Task details - Filter the data below for the string "replace" and copy each matching line.

Data for review -

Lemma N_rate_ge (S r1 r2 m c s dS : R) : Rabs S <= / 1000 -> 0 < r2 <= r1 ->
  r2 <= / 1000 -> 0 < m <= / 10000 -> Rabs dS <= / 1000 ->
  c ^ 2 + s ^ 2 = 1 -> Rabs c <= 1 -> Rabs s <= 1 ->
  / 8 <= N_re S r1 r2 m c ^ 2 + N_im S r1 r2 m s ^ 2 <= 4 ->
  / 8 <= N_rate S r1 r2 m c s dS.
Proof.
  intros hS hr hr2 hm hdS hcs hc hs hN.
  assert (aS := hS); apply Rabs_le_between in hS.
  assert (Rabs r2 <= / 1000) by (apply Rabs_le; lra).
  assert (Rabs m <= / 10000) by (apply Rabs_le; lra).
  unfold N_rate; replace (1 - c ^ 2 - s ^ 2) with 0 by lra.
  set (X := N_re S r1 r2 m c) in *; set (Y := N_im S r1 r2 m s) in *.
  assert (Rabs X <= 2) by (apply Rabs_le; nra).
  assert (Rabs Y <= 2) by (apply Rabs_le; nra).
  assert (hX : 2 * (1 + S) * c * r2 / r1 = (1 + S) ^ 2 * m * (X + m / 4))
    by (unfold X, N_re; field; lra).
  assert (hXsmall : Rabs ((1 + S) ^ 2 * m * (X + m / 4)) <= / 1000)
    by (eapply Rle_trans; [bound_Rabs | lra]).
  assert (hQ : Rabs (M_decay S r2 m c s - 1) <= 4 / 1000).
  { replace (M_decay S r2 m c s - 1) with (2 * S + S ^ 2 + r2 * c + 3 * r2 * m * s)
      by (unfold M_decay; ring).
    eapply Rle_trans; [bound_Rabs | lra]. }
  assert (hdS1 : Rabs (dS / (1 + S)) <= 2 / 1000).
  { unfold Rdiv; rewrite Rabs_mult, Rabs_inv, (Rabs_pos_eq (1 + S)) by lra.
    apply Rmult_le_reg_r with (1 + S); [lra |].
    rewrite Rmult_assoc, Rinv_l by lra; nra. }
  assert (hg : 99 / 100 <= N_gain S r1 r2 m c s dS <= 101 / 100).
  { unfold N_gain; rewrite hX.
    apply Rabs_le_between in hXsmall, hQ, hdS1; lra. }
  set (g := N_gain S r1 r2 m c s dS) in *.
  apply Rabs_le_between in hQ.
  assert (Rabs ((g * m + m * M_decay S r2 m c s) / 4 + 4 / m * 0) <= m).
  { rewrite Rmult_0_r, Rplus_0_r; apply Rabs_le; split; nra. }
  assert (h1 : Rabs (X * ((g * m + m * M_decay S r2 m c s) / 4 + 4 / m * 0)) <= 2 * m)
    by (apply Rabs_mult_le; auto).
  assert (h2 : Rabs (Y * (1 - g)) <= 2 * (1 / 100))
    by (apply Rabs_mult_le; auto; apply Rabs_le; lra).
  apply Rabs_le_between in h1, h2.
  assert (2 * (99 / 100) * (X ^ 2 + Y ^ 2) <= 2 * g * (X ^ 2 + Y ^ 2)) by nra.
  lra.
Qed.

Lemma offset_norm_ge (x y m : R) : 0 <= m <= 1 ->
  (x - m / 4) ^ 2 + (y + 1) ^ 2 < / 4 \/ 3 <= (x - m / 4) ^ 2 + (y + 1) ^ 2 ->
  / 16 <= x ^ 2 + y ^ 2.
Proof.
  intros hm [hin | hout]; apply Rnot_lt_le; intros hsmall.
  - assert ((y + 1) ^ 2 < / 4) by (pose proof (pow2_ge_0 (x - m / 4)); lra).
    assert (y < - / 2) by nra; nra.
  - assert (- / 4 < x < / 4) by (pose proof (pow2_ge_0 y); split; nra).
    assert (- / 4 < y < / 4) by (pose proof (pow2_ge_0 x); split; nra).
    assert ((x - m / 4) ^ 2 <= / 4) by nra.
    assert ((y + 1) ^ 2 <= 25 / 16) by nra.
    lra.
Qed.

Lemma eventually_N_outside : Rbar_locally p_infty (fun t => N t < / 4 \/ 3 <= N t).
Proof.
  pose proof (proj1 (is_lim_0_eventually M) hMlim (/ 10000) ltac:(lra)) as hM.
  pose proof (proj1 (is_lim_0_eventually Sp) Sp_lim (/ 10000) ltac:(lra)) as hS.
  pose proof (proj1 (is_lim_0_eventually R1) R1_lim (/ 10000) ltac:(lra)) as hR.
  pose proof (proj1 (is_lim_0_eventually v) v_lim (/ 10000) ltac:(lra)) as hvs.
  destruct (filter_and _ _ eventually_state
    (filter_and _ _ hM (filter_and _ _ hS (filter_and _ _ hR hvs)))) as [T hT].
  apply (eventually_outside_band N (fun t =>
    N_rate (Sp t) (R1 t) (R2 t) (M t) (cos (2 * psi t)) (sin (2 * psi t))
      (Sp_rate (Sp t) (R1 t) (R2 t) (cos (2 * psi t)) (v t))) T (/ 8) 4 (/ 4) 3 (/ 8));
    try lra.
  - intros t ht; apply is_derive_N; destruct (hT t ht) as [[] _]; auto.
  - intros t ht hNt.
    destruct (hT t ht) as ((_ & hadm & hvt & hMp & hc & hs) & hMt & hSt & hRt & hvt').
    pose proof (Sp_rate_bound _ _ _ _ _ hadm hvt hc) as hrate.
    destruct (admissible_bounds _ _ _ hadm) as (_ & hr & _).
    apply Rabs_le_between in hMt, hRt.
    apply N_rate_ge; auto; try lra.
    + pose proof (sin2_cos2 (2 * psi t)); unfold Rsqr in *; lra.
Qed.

Your response -
  unfold N_rate; replace (1 - c ^ 2 - s ^ 2) with 0 by lra.
  { replace (M_decay S r2 m c s - 1) with (2 * S + S ^ 2 + r2 * c + 3 * r2 * m * s)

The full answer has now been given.